Repeat nothing but the lines below running from the one containing "apply (vadd_cancel_l (vscal 0 x))." to the one containing "Lemma lin_comb_ext cf1". Keep both end lines.
----------------
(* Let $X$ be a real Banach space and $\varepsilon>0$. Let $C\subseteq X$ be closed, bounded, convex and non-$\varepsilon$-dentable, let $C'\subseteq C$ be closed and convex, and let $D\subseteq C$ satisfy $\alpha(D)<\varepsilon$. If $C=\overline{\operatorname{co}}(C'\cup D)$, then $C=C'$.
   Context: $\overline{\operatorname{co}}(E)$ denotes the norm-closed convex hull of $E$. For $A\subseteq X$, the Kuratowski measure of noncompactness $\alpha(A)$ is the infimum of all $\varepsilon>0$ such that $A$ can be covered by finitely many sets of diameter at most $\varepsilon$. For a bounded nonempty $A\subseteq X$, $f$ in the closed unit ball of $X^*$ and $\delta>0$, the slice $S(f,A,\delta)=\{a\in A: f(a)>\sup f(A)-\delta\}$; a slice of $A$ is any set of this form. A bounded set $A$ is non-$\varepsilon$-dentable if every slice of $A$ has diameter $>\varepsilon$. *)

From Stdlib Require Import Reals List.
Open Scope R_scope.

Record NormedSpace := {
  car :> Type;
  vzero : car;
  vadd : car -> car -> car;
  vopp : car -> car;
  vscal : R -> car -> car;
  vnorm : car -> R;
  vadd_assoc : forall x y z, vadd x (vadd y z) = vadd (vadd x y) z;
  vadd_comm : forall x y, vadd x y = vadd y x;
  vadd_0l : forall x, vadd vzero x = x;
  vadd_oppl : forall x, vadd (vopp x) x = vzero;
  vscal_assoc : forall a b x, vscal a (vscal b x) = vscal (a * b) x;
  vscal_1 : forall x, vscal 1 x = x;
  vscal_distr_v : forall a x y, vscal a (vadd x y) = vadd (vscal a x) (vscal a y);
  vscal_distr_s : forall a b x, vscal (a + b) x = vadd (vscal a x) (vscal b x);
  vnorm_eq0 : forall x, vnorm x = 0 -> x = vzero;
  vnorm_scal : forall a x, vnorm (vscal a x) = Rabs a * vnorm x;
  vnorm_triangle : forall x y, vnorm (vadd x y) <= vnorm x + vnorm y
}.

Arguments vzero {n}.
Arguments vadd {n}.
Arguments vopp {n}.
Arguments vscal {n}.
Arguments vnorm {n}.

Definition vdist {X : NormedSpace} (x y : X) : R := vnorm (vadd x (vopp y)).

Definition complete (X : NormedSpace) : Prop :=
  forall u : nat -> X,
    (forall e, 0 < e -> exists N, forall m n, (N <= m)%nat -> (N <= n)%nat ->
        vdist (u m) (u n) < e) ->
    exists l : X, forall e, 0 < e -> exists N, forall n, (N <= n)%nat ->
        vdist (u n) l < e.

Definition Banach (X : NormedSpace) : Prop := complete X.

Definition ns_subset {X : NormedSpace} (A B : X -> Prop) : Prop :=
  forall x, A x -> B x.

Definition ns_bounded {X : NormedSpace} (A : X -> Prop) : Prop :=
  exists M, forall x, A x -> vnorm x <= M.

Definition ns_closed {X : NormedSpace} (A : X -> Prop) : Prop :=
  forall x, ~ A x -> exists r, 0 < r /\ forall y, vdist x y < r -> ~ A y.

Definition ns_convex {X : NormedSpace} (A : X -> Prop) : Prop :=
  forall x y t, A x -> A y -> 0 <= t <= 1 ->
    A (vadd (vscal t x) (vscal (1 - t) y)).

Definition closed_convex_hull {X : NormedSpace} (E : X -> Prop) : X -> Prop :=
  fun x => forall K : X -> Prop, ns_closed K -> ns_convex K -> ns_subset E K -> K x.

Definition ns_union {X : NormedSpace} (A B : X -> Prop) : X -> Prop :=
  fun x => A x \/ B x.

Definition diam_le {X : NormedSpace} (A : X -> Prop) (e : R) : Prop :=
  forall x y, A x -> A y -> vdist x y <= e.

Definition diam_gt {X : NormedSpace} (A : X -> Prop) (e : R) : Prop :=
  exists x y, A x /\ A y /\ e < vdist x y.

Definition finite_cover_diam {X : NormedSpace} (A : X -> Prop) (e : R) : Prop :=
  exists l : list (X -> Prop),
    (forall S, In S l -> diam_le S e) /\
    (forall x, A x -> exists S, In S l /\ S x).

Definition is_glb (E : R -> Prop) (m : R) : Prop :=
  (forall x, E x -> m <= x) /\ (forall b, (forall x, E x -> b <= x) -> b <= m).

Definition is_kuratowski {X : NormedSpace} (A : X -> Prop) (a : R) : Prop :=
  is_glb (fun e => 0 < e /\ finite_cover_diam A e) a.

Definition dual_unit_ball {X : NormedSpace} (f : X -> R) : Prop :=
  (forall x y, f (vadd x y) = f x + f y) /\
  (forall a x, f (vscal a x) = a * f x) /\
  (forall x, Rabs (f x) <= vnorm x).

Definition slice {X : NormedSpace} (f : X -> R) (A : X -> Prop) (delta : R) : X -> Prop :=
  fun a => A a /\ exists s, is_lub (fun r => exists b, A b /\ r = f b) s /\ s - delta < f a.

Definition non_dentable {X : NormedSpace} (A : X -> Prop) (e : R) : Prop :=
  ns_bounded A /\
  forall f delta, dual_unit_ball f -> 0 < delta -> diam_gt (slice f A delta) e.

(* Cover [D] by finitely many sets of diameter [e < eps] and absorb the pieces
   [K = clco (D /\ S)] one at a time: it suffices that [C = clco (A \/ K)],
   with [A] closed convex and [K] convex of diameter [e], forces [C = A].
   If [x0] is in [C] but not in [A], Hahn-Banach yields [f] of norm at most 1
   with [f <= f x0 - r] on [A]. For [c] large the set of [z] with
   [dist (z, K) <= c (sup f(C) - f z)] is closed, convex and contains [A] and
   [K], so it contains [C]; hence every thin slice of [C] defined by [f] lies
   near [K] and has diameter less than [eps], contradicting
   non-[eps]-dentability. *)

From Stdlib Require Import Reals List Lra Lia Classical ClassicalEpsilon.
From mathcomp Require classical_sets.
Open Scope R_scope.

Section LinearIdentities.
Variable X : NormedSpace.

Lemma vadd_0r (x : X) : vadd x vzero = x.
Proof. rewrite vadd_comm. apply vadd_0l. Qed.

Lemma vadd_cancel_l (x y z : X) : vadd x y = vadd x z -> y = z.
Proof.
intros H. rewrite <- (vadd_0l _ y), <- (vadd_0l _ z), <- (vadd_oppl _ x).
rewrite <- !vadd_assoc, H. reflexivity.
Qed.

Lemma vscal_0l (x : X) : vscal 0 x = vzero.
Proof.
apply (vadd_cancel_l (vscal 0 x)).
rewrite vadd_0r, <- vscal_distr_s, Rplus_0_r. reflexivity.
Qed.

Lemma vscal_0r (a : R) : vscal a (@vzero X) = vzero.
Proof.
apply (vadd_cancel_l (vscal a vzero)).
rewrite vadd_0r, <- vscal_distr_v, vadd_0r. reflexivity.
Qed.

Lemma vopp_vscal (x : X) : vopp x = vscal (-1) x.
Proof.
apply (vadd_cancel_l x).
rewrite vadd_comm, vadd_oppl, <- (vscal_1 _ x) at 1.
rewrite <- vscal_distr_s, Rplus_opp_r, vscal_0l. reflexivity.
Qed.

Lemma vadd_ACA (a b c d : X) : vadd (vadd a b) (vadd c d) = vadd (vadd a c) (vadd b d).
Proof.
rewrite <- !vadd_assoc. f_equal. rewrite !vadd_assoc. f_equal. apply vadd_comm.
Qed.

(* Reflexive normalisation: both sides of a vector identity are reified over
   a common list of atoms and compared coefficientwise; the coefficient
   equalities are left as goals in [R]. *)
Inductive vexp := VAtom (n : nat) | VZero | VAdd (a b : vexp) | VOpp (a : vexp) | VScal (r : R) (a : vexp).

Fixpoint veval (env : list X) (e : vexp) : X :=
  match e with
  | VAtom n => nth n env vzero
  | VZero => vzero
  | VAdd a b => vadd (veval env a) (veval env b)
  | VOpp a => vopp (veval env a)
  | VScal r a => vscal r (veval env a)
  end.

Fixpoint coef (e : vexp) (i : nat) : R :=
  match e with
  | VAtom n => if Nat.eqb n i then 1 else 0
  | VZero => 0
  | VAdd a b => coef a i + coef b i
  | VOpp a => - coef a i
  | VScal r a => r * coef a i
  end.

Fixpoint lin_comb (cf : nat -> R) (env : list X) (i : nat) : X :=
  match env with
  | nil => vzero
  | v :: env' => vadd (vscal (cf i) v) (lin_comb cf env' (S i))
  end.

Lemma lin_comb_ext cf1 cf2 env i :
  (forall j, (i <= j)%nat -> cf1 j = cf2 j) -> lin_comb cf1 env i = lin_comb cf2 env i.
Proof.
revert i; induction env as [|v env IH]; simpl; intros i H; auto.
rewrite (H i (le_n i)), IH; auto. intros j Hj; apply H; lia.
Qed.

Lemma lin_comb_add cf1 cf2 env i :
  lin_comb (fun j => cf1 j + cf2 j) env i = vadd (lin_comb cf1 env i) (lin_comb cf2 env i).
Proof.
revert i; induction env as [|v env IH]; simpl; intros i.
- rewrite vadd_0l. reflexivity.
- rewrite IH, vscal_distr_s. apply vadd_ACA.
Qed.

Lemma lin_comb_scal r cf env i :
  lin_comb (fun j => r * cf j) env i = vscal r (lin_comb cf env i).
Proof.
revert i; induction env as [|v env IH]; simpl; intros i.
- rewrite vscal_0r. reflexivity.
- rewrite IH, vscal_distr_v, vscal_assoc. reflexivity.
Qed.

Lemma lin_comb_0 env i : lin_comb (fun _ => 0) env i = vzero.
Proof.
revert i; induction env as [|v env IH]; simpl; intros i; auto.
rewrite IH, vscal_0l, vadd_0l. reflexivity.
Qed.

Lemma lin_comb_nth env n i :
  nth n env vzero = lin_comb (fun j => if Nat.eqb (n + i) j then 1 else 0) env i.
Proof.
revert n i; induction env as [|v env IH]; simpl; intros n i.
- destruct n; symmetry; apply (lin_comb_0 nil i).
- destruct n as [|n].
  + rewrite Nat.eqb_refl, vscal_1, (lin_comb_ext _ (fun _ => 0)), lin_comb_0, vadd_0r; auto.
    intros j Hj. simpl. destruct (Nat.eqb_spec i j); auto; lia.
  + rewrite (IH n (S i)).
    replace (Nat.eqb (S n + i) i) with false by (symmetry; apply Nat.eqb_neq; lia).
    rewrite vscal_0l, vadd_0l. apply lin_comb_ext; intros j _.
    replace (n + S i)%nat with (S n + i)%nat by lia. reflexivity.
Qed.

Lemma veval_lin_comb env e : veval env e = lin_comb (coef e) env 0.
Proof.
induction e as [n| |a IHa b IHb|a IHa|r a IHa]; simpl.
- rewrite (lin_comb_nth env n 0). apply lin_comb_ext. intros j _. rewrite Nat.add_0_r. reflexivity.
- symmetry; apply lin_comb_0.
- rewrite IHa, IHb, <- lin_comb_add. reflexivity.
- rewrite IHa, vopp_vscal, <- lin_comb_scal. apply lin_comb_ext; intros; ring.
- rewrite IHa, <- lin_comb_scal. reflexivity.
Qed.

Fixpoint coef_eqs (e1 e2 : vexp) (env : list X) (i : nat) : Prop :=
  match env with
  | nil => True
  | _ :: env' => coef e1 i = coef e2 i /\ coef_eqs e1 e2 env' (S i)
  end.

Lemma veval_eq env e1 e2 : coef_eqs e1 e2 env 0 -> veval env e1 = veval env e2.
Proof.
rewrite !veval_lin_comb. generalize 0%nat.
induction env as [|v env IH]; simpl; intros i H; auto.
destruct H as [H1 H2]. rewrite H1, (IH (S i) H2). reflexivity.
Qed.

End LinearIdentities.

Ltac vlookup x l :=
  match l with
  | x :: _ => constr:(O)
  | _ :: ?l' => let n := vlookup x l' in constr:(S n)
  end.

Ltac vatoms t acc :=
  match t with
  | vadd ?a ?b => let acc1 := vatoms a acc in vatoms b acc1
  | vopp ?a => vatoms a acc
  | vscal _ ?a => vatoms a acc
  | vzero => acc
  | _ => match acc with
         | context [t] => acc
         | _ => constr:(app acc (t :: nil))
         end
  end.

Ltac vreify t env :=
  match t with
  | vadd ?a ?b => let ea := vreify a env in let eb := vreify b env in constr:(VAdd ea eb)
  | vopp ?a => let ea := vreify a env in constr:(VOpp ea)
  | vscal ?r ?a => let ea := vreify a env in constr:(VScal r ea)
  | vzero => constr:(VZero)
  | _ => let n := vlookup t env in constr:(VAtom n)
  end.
----------------
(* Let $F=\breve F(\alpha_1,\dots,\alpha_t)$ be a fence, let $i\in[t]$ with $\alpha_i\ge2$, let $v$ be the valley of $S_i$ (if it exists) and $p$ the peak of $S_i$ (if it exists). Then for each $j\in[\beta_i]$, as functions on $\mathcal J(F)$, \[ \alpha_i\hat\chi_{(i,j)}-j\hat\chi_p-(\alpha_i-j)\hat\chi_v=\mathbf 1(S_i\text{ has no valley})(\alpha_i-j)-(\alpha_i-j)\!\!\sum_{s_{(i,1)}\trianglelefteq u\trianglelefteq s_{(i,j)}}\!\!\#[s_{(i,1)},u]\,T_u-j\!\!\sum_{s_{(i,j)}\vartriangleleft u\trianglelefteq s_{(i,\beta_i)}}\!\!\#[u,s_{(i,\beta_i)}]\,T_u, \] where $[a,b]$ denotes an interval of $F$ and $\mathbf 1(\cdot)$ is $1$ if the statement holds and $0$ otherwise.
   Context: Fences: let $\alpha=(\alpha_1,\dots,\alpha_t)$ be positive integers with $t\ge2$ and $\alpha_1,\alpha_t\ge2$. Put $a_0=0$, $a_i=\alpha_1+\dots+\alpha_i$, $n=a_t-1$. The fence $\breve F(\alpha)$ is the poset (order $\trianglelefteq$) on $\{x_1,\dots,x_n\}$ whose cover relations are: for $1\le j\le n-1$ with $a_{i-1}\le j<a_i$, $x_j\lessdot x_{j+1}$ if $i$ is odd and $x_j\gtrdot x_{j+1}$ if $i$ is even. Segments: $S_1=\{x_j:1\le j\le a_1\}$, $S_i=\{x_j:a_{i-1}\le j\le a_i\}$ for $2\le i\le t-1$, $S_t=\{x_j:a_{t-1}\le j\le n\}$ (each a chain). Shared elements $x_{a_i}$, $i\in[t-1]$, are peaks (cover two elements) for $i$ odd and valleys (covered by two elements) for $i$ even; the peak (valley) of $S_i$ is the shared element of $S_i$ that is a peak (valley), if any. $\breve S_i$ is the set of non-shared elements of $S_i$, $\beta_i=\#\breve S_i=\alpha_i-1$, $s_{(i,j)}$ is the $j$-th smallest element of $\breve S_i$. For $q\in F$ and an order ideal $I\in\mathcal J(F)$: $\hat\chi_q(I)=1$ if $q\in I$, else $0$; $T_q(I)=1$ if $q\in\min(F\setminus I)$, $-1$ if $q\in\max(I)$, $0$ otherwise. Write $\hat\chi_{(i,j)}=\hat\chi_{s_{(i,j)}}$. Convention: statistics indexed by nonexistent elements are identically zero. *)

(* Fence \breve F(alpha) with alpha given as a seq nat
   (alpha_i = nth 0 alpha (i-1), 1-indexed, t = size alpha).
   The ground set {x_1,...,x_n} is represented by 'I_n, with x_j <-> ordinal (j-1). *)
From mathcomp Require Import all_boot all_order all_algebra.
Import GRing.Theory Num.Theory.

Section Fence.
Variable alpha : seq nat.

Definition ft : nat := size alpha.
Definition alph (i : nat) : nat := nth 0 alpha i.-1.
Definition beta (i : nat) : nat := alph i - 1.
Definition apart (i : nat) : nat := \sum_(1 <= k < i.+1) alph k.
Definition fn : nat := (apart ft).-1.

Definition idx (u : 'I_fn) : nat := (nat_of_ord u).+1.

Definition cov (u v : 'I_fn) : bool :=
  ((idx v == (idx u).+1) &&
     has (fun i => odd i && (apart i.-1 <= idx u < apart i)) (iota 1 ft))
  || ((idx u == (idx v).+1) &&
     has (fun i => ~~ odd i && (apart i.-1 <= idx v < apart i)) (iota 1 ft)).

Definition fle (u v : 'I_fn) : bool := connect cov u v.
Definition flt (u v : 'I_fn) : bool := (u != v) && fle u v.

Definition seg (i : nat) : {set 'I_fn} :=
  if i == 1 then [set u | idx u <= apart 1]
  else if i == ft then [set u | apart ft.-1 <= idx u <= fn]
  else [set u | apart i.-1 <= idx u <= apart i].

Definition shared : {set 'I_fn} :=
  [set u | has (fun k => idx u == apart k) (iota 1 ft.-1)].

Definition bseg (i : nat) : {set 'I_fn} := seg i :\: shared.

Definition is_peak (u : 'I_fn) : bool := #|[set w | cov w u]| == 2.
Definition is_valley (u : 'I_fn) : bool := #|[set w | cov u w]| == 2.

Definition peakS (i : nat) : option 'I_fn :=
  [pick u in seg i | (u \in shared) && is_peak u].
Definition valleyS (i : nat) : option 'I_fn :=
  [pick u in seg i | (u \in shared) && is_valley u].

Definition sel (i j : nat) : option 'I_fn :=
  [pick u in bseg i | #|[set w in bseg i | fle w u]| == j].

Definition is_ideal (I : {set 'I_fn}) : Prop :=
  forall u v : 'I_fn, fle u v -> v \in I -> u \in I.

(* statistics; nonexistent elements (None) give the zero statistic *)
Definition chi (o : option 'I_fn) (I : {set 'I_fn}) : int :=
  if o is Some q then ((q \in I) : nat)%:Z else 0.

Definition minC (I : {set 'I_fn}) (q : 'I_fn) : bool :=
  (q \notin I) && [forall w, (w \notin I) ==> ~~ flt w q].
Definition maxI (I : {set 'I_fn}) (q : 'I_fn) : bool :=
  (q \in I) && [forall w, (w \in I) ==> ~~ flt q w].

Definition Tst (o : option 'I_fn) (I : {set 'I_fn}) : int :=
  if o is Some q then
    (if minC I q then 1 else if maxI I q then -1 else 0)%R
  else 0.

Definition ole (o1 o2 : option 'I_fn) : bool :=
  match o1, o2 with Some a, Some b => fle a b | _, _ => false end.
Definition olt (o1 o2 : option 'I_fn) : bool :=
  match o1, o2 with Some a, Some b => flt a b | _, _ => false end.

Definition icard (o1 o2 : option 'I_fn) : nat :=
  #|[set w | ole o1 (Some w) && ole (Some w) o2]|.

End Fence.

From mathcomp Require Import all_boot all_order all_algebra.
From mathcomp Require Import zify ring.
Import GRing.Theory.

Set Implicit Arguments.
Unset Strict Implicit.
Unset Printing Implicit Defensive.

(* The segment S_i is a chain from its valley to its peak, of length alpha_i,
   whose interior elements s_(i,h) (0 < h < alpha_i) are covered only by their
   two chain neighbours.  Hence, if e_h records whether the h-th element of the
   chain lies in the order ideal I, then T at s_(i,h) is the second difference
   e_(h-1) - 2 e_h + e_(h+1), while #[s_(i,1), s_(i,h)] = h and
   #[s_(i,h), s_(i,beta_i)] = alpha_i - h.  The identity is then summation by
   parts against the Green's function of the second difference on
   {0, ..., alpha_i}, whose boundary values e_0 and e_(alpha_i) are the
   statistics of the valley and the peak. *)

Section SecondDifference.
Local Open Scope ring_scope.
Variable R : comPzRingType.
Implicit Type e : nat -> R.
----------------
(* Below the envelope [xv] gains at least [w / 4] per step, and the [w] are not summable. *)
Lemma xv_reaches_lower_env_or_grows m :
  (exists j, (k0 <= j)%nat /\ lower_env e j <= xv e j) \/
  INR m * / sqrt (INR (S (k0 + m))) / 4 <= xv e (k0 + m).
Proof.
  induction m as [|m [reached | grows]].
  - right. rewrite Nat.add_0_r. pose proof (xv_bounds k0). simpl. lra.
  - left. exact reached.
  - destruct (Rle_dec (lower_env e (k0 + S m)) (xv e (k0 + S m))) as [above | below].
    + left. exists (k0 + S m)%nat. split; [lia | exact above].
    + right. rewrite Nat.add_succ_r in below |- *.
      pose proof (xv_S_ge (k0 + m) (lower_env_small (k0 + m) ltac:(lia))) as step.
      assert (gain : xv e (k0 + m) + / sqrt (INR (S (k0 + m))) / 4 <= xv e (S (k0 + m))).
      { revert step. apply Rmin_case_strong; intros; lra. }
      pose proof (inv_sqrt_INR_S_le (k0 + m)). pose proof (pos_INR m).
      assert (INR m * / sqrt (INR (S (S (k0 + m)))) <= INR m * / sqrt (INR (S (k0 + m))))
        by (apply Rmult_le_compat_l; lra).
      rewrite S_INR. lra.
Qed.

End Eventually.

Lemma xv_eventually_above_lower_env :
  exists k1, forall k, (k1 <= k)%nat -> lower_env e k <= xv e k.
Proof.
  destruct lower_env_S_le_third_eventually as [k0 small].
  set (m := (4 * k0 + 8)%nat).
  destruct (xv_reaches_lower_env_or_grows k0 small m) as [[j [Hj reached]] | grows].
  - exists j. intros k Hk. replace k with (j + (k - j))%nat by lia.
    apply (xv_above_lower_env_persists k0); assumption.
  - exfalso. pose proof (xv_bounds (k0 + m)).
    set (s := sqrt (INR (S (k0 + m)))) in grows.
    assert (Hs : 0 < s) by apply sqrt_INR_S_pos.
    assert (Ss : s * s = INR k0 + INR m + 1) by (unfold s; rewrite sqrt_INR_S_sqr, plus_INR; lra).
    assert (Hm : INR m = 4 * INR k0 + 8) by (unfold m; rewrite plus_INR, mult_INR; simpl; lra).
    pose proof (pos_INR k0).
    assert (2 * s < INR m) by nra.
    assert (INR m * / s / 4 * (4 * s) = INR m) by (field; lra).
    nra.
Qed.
----------------
FINISHED EXERCISE:
apply (vadd_cancel_l (vscal 0 x)).
rewrite vadd_0r, <- vscal_distr_s, Rplus_0_r. reflexivity.
Qed.

Lemma vscal_0r (a : R) : vscal a (@vzero X) = vzero.
Proof.
apply (vadd_cancel_l (vscal a vzero)).
rewrite vadd_0r, <- vscal_distr_v, vadd_0r. reflexivity.
Qed.

Lemma vopp_vscal (x : X) : vopp x = vscal (-1) x.
Proof.
apply (vadd_cancel_l x).
rewrite vadd_comm, vadd_oppl, <- (vscal_1 _ x) at 1.
rewrite <- vscal_distr_s, Rplus_opp_r, vscal_0l. reflexivity.
Qed.

Lemma vadd_ACA (a b c d : X) : vadd (vadd a b) (vadd c d) = vadd (vadd a c) (vadd b d).
Proof.
rewrite <- !vadd_assoc. f_equal. rewrite !vadd_assoc. f_equal. apply vadd_comm.
Qed.

(* Reflexive normalisation: both sides of a vector identity are reified over
   a common list of atoms and compared coefficientwise; the coefficient
   equalities are left as goals in [R]. *)
Inductive vexp := VAtom (n : nat) | VZero | VAdd (a b : vexp) | VOpp (a : vexp) | VScal (r : R) (a : vexp).

Fixpoint veval (env : list X) (e : vexp) : X :=
  match e with
  | VAtom n => nth n env vzero
  | VZero => vzero
  | VAdd a b => vadd (veval env a) (veval env b)
  | VOpp a => vopp (veval env a)
  | VScal r a => vscal r (veval env a)
  end.

Fixpoint coef (e : vexp) (i : nat) : R :=
  match e with
  | VAtom n => if Nat.eqb n i then 1 else 0
  | VZero => 0
  | VAdd a b => coef a i + coef b i
  | VOpp a => - coef a i
  | VScal r a => r * coef a i
  end.

Fixpoint lin_comb (cf : nat -> R) (env : list X) (i : nat) : X :=
  match env with
  | nil => vzero
  | v :: env' => vadd (vscal (cf i) v) (lin_comb cf env' (S i))
  end.

Lemma lin_comb_ext cf1 cf2 env i :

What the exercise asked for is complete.